Introduction
“Who has what cards?”
If you have ever played a card game (and I assume most of you have), then you have asked yourself a version of this question. You may know how many cards each player has, and you may even know how many of each card type is left, but who has which cards?
Barring straight-up cheating, there usually isn’t an easy way to know that information.

But you can make some educated guesses about what they might have and—maybe even more usefully—you can know what they do not have.
As part of my ongoing upgrades to monte-cardo (my Information Set Monte Carlo Tree Search solver for ladder shedding games, read more about that here) I found myself needing to ask the same question.
For more details, motivated readers should check out the appropriate blog and project posts, but a quick explanation will suffice for our purposes:
The algorithm relies on generating many different “hypotheses” for what hands the other players might have. Each of these hypothetical game states is what we call a “possible world”, and we evaluate each of our available moves over a bunch of these possible worlds so that we can get a better idea of how good that move is.
The problem that I am addressing in this blog post is the generation of those possible worlds. We want to do it quickly, and we want to generate a wide range of possible worlds (more on what that means in a bit).
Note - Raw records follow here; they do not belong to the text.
Lemma in_nth_or_remove_nth (l : list Z) (i : nat) (v : Z) :
  (i < length l)%nat -> In v l -> v = nth i l 0%Z \/ In v (remove_nth i l).
Proof.
  revert i. induction l as [| a l IH]; intros i Hi Hv; simpl in *; [lia |].
  unfold remove_nth in *. destruct i as [| i]; simpl.
  - destruct Hv; auto.
  - destruct Hv as [Hv | Hv]; auto.
    destruct (IH i ltac:(lia) Hv); auto.
Qed.

Lemma length_remove_nth (l : list Z) (i : nat) :
  (i < length l)%nat -> length (remove_nth i l) = (length l - 1)%nat.
Proof.
  intros Hi. unfold remove_nth.
  rewrite length_app, length_firstn, length_skipn. lia.
Qed.

Lemma remove_nth_map (f : Z -> Z) (i : nat) (l : list Z) :
  remove_nth i (map f l) = map f (remove_nth i l).
Proof. unfold remove_nth. rewrite firstn_map, skipn_map, map_app. reflexivity. Qed.

Lemma gcd_with_divide_elem (g0 : Z) (l : list Z) (v : Z) :
  In v l -> (gcd_with g0 l | v)%Z.
Proof.
  induction l as [| a l IH]; simpl; [tauto |].
  intros [<- | Hv]; [apply Z.gcd_divide_l |].
  eapply Z.divide_trans; [apply Z.gcd_divide_r | auto].
Qed.

Lemma gcd_with_divide_init (g0 : Z) (l : list Z) : (gcd_with g0 l | g0)%Z.
Proof.
  induction l as [| a l IH]; simpl; [apply Z.divide_refl |].
  eapply Z.divide_trans; [apply Z.gcd_divide_r | exact IH].
Qed.

Lemma gcd_with_nonneg (g0 : Z) (l : list Z) : (0 <= g0)%Z -> (0 <= gcd_with g0 l)%Z.
Proof. destruct l; simpl; auto using Z.gcd_nonneg. Qed.

Lemma gcd_with_greatest (g0 : Z) (l : list Z) (c : Z) :
  (c | g0)%Z -> (forall v, In v l -> (c | v)%Z) -> (c | gcd_with g0 l)%Z.
Proof.
  induction l as [| a l IH]; simpl; auto.
  intros Hc Hl. apply Z.gcd_greatest; auto.
Qed.

Lemma divide_prodZ (l : list Z) (v : Z) : In v l -> (v | prodZ l)%Z.
Proof.
  induction l as [| a l IH]; simpl; [tauto |].
  intros [<- | Hv]; [apply Z.divide_factor_l | apply Z.divide_mul_r; auto].
Qed.

Lemma LR_map_mul (g : Z) (T : list Z) : g <> 0%Z -> LR T -> LR (map (Z.mul g) T).
Proof.
  intros Hg [t Ht]. exists (t / IZR g). intros v Hv.
  apply in_map_iff in Hv. destruct Hv as [e [<- He]].
  rewrite length_map, mult_IZR.
  replace (t / IZR g * (IZR g * IZR e)) with (t * IZR e); [auto |].
  field. apply not_0_IZR, Hg.
Qed.

Lemma not_LR_exists_close (S : list Z) :
  ~ LR S -> forall t : R,
  exists v, In v S /\ dist_int (t * IZR v) < 1 / INR (length S + 1).
Proof.
  intros HS t. apply NNPP. intros Hno. apply HS. exists t. intros v Hv.
  apply Rnot_lt_ge. intros Hlt. apply Hno. eauto.
Qed.

Lemma exists_pos_NoDup_abs_superset (m : nat) (L : list Z) :
  (length L <= m)%nat -> (forall v, In v L -> v <> 0%Z) ->
  exists T, NoDup T /\ length T = m /\ (forall v, In v T -> (0 < v)%Z) /\
            (forall v, In v L -> In (Z.abs v) T).
Proof.
  intros Hlen Hnz.
  set (A := nodup Z.eq_dec (map Z.abs L)).
  set (B0 := fold_right (fun v acc => Z.abs v + acc)%Z 0%Z L).
  set (B := map (fun j => B0 + Z.of_nat j)%Z (seq 1 (m - length A))).
  assert (HB0 : (0 <= B0)%Z /\ forall v, In v L -> (Z.abs v <= B0)%Z).
  { unfold B0. clear. induction L as [| a L [IH1 IH2]]; simpl; split; try tauto; try lia.
    intros v [<- | Hv]; [lia | specialize (IH2 v Hv); lia]. }
  assert (HA : forall a, In a A <-> exists v, Z.abs v = a /\ In v L).
  { intros a. unfold A. rewrite nodup_In, in_map_iff. reflexivity. }
  assert (HB : forall b, In b B <-> exists j, (B0 + Z.of_nat j)%Z = b /\ In j (seq 1 (m - length A))).
  { intros b. unfold B. rewrite in_map_iff. reflexivity. }
  assert (HAlen : (length A <= length L)%nat).
  { rewrite <- (length_map Z.abs L). apply NoDup_incl_length; [apply NoDup_nodup |].
    intros a Ha. apply HA in Ha. apply in_map_iff. exact Ha. }
  exists (A ++ B). repeat split.
  - apply NoDup_app; [apply NoDup_nodup | |].
    + apply NoDup_map_NoDup_ForallPairs; [intros i j _ _ Hij; lia | apply seq_NoDup].
    + intros a Ha Hb. apply HA in Ha. apply HB in Hb.
      destruct Ha as [v [<- Hv]], Hb as [j [Hj Hj']]. apply in_seq in Hj'.
      destruct HB0 as [_ HB0]. specialize (HB0 v Hv). lia.
  - rewrite length_app. unfold B. rewrite length_map, length_seq. lia.
  - intros v Hv. apply in_app_or in Hv. destruct Hv as [Hv | Hv].
    + apply HA in Hv. destruct Hv as [u [<- Hu]]. specialize (Hnz u Hu). lia.
    + apply HB in Hv. destruct Hv as [j [<- Hj]]. apply in_seq in Hj. lia.
  - intros v Hv. apply in_or_app. left. apply HA. eauto.
Qed.

Lemma LRC_holds_nonzero (m : nat) (L : list Z) :
  LRC_holds m -> (length L <= m)%nat -> (forall v, In v L -> v <> 0%Z) ->
  exists t, forall v, In v L -> 1 / INR (m + 1) <= dist_int (t * IZR v).
Proof.
  intros HLRC Hlen Hnz.
  destruct (exists_pos_NoDup_abs_superset m L Hlen Hnz) as [T [HT [HTlen [HTpos HLT]]]].
  destruct (HLRC T HT HTlen HTpos) as [t Ht]. exists t. intros v Hv.
  specialize (Ht _ (HLT v Hv)). rewrite HTlen in Ht.
  destruct (Z.abs_spec v) as [[_ E] | [_ E]]; rewrite E in Ht.
  - lra.
  - rewrite opp_IZR, <- Ropp_mult_distr_r, dist_int_opp in Ht. lra.
Qed.

(* Shifting [t] by a multiple of [1/d] moves [t v] by an integer for [d | v]. *)
Lemma extend_by_nondivisor (T : list Z) (w d : Z) (t0 delta : R) :
  (0 < d)%Z -> (forall v, In v T -> (d | v)%Z) -> ~ (d | w)%Z ->
  (forall v, In v T -> delta <= dist_int (t0 * IZR v)) ->
  exists t, 1 / 4 <= dist_int (t * IZR w) /\
            forall v, In v T -> delta <= dist_int (t * IZR v).
Proof.
  intros Hd HdT Hdw Ht0.
  assert (Hdr : IZR d <> 0) by (apply not_0_IZR; lia).
  destruct (exists_multiplier_dist_int_ge_quarter (t0 * IZR w) w d Hd Hdw) as [a Ha].
  exists (t0 + IZR a / IZR d). split.
  - replace ((t0 + IZR a / IZR d) * IZR w) with (t0 * IZR w + IZR a * IZR w / IZR d)
      by (field; exact Hdr).
    exact Ha.
  - intros v Hv. destruct (HdT v Hv) as [e ->].
    replace ((t0 + IZR a / IZR d) * IZR (e * d)) with (t0 * IZR (e * d) + IZR (a * e))
      by (rewrite !mult_IZR; field; exact Hdr).
    rewrite dist_int_add_IZR. auto.
Qed.

Lemma LR_of_nondivisor (k i : nat) (S : list Z) (d : Z) :
  (3 <= k)%nat -> LRC_holds (k - 1) -> length S = k -> (i < k)%nat ->
  (forall v, In v S -> v <> 0%Z) -> (0 < d)%Z ->
  (forall v, In v (remove_nth i S) -> (d | v)%Z) -> ~ (d | nth i S 0)%Z ->
  LR S.
Proof.
  intros Hk HLRC Hlen Hi Hnz Hd HdT Hdw.
  destruct (LRC_holds_nonzero (k - 1) (remove_nth i S) HLRC) as [t0 Ht0].
  { rewrite length_remove_nth; lia. }
  { intros v Hv. exact (Hnz v (in_remove_nth _ _ _ Hv)). }
  destruct (extend_by_nondivisor _ _ _ _ _ Hd HdT Hdw Ht0) as [t [Htw HtT]].
  assert (Hk1 : 4 <= INR (k + 1)) by (replace 4 with (INR 4) by (simpl; lra); apply le_INR; lia).
  assert (Hkk : INR (k - 1 + 1) <= INR (k + 1)) by (apply le_INR; lia).
  exists t. intros v Hv. rewrite Hlen. apply Rle_ge.
  destruct (in_nth_or_remove_nth S i v ltac:(lia) Hv) as [-> | Hr].
  - eapply Rle_trans; [| exact Htw].
    unfold Rdiv. rewrite !Rmult_1_l. apply Rinv_le_contravar; lra.
  - eapply Rle_trans; [| exact (HtT v Hr)].
    unfold Rdiv. rewrite !Rmult_1_l. apply Rinv_le_contravar; [| exact Hkk].
    apply lt_0_INR. lia.
Qed.

Definition primitive (S : list Z) : Prop :=
  forall c, (forall v, In v S -> (c | v)%Z) -> (c | 1)%Z.

Lemma exists_primitive_factor (S : list Z) :
  (exists v, In v S /\ v <> 0%Z) ->
  exists g T, g <> 0%Z /\ S = map (Z.mul g) T /\ primitive T.
Proof.
  intros [v0 [Hv0 Hv0nz]].
  set (g := gcd_with 0 S).
  assert (Hg : (0 < g)%Z).
  { assert (Hg0 : (0 <= g)%Z) by (apply gcd_with_nonneg; lia).
    destruct (Z.eq_dec g 0) as [E | E]; [| lia].
    exfalso. apply Hv0nz, Z.divide_0_l. rewrite <- E. apply gcd_with_divide_elem, Hv0. }
  assert (HgS : forall v, In v S -> v = (g * (v / g))%Z).
  { intros v Hv. apply Zdivide_Zdiv_eq; [exact Hg | apply gcd_with_divide_elem, Hv]. }
  exists g, (map (fun v => v / g)%Z S). split; [lia | split].
  - rewrite map_map. rewrite <- (map_id S) at 1. apply map_ext_in. exact HgS.
  - intros c Hc.
    assert (Hcg : (c * g | g)%Z).
    { apply gcd_with_greatest; [apply Z.divide_0_r |].
      intros v Hv. rewrite (HgS v Hv), (Z.mul_comm c g).
      apply Z.mul_divide_mono_l, Hc, (in_map (fun v => v / g)%Z), Hv. }
    rewrite <- (Z.mul_1_l g) in Hcg at 2.
    apply Z.mul_divide_cancel_r in Hcg; [exact Hcg | lia].
Qed.

Lemma common_divisor_of_others_eq_1 (k i : nat) (S : list Z) (d : Z) :
  (3 <= k)%nat -> LRC_holds (k - 1) -> length S = k -> (i < k)%nat ->
  (forall v, In v S -> v <> 0%Z) -> primitive S -> ~ LR S -> (0 < d)%Z ->
  (forall v, In v (remove_nth i S) -> (d | v)%Z) -> d = 1%Z.
Proof.
  intros Hk HLRC Hlen Hi Hnz Hprim HnLR Hd HdT.
  destruct (classic (d | nth i S 0)%Z) as [Hdw | Hdw].
  - assert (Hd1 : (d | 1)%Z).
    { apply Hprim. intros v Hv.
      destruct (in_nth_or_remove_nth S i v ltac:(lia) Hv) as [-> | Hr]; auto. }
    apply Z.divide_pos_le in Hd1; lia.
  - exfalso. exact (HnLR (LR_of_nondivisor k i S d Hk HLRC Hlen Hi Hnz Hd HdT Hdw)).
Qed.

Definition fold_mod (M v : Z) : Z :=
  if (v mod M <=? M / 2)%Z then (v mod M)%Z else (M - v mod M)%Z.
But how do we create these possible worlds? For our purposes there is only one unknown factor in the game, and that is other players’ hands. Luckily, a computer program is just about the best card counter out there, so we do know two things:
- We know exactly how many cards each player currently has. Every player gets to see the cards dealt, and the cards played from the hand are public knowledge.
- We know exactly how many of each rank of card are left. The deck that we are playing with is public knowledge, and—once again—the cards that players play are public knowledge.
Formulation
Let’s be a bit more precise about our definitions.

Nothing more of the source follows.